The problem of human trafficking has caught the attention of healthcare authorities like The Joint Commission, the National Association of Pediatric Nurse Practitioners, and the Centers for Disease Control and Prevention. All three have put out new resources and alerts on the problem, in addition to teaching providers how to respond to it.

Between 2007 and 2017, the National Human Trafficking Hotline identified 43,564 human trafficking victims living in the U.S. At least 88% of these victims visit a healthcare provider at least once during their captivity and aren’t recognized as victims, say experts. There’s also strong evidence to suggest the real number of victims is much higher than what’s been reported—and growing.

The Dignity Health system took a look at these statistics and deemed them unacceptable.

In 2014, Dignity Health kicked off its Human Trafficking Response (HTR) Program with the intent of identifying and aiding trafficking victims.
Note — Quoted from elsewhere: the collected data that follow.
(* Let $G$ be a finite bipartite graph and let $H$ be a $2$-lift of $G$. Then for every $k\geq0$, $$m_k(G\cup G)\geq m_k(H),$$ where $G\cup G$ is the disjoint union of two copies of $G$. In particular, for every $t\geq0$, $M(G,t)^2\geq M(H,t)$.
   Context: $m_k(\cdot)$ denotes the number of matchings of size $k$ and $M(G,t)=\sum_k m_k(G)t^k$. A graph $H$ is a $2$-lift of $G$ if $V(H)=V(G)\times\{0,1\}$ and for every edge $(u,v)\in E(G)$ exactly one of the following holds: $((u,0),(v,0))$ and $((u,1),(v,1))$ are edges of $H$, or $((u,0),(v,1))$ and $((u,1),(v,0))$ are edges of $H$; and if $(u,v)\notin E(G)$ then none of these four pairs is an edge of $H$. *)

From mathcomp Require Import all_boot all_order all_algebra.
Set Implicit Arguments. Unset Strict Implicit. Unset Printing Implicit Defensive.
Import Order.TTheory GRing.Theory Num.Theory.

Definition simple_graph (V : finType) (r : rel V) : Prop :=
  (forall x y, r x y = r y x) /\ (forall x, ~~ r x x).

Definition bipartite (V : finType) (r : rel V) : Prop :=
  exists c : V -> bool, forall x y, r x y -> c x != c y.

Definition is_edge (V : finType) (r : rel V) (E : {set V}) : bool :=
  [exists x, exists y, [&& x != y, r x y & E == [set x; y]]].

Definition matching (V : finType) (r : rel V) (M : {set {set V}}) : bool :=
  [forall E in M, is_edge r E] &&
  [forall E1 in M, forall E2 in M, (E1 != E2) ==> [disjoint E1 & E2]].

Definition mk (V : finType) (r : rel V) (k : nat) : nat :=
  #|[set M : {set {set V}} | matching r M && (#|M| == k)]|.

(* Matching generating polynomial M(G,t) = sum_k m_k(G) t^k (m_k = 0 for k > |V|). *)
Definition matchpoly (R : numDomainType) (V : finType) (r : rel V) (t : R) : R :=
  (\sum_(k < #|V|.+1) (mk r k)%:R * t ^+ k)%R.

Definition dunion (V : finType) (r : rel V) : rel (V * bool) :=
  fun x y => r x.1 y.1 && (x.2 == y.2).
Theorem theorem10p1 (R : realType)
  (eta : 'M[complex R]_2 -> 'M[R]_3)
  (Heta : forall A : 'M[complex R]_2, SU11 A ->
     forall z : complex R, in_disk z -> zeta (mob A z) = eta A *m zeta z)
  (Gamma : 'M[R]_3 -> Prop) (Gammahat : 'M[complex R]_2 -> Prop)
  (HG : subgroup_SO Gamma) (HGdisc : discrete Gamma)
  (HGtf : torsion_free Gamma) (HGcpt : cocompact Gamma)
  (HGh : subgroup_SU Gammahat)
  (Hiso_into : forall a, Gammahat a -> Gamma (eta a))
  (Hiso_inj : forall a b, Gammahat a -> Gammahat b -> eta a = eta b -> a = b)
  (Hiso_onto : forall g, Gamma g -> exists a, Gammahat a /\ eta a = g)
  (f : 'M[R]_3) (fhat : 'M[complex R]_2)
  (Hf : SOp21 f) (Hfn : normalizes Gamma f)
  (Hfh : SU11 fhat) (Hfhn : normalizes Gammahat fhat) (Hfl : eta fhat = f)
  (x : 'cV[R]_3) (Hx : H2 x) (Hiso : isolated_fixed Gamma f x)
  (g : 'M[R]_3) (Hg : SOp21 g) (Hgx : g *m e3 = x)
  (ghat : 'M[complex R]_2) (Hgh : SU11 ghat) (Hghl : eta ghat = g)
  (gamma : 'M[R]_3) (Hgam : Gamma gamma) (Hgamx : gamma *m (f *m x) = x)
  (gammahat : 'M[complex R]_2) (Hgamh : Gammahat gammahat)
  (Hgaml : eta gammahat = gamma) :
  exists u : complex R,
    [/\ u * conjc u = 1,
        invmx ghat *m gammahat *m fhat *m ghat = diag2 u (conjc u) &
        forall s : 'M[complex R]_2, Spin2 s ->
          (exists h, Gammahat h /\ fhat *m ghat = h *m (ghat *m s)) ->
          nu s (dmat g (gamma *m f)) = 1 / (2%:R * (complex.Im u)%:C * 'i)%C].
Proof.
have [SUh _ GhM _] := HGh.
have gu : ghat \in unitmx := SU11_unitmx Hgh.
have SU_gammahat := SUh _ Hgamh.
have SU_ginv := SU11_inv Hgh.
have SU_ginv_gam := SU11_mul SU_ginv SU_gammahat.
have SU_ginv_gam_f := SU11_mul SU_ginv_gam Hfh.
pose B := invmx ghat *m gammahat *m fhat *m ghat.
have SUB : SU11 B := SU11_mul SU_ginv_gam_f Hgh.
have etaB : eta B = invmx g *m (gamma *m f) *m g.
  by rewrite /B !(eta_mul Heta) ?(eta_inv Heta) ?Hghl ?Hgaml ?Hfl ?mulmxA.
have B_e3 : eta B *m e3 = e3.
  by rewrite etaB -!mulmxA Hgx Hgamx -Hgx mulKmx // -Hghl (eta_unitmx Heta).
have [u uu eB] := SU11_fix_e3 Heta SUB B_e3.
exists u; split => // s [v [vv ->]] [h [Gh eh]].
pose K := invmx ghat *m (gammahat *m h) *m ghat.
have KsB : K *m diag2 v (conjc v) = B by rewrite /K /B -!mulmxA -eh.
have gh1 := Gammahat_conj_diag2 Heta HG HGdisc HGtf HGh Hiso_into Hiso_inj
  (GhM _ _ Hgamh Gh) Hgh (unit_mulcJ uu vv) (diag2_divr vv (etrans KsB eB)).
have sB : diag2 v (conjc v) = B by rewrite -KsB /K gh1 mulmx1 mulVmx // mul1mx.
rewrite sB eB; apply: (nu_diag2_rot uu).
by rewrite -etaB eB (eta_diag2 Heta).
Qed.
Within a year, it identified at least 31 people with high or moderate indicators that they were victims of human trafficking, and that number has grown with each year since.
Headquartered in San Francisco, the Dignity Health system is a multistate network of 400 care sites and 60,000 employees. Holly Austin Gibbs is the director of Dignity Health’s HTR Program, author of the book Walking Prey: How America's Youth Are Vulnerable to Sex Slavery, and a child sex trafficking survivor. She’s also consulted for the Office for Victims of Crime, the National Center for Missing & Exploited Children, and the AMBER Alert program.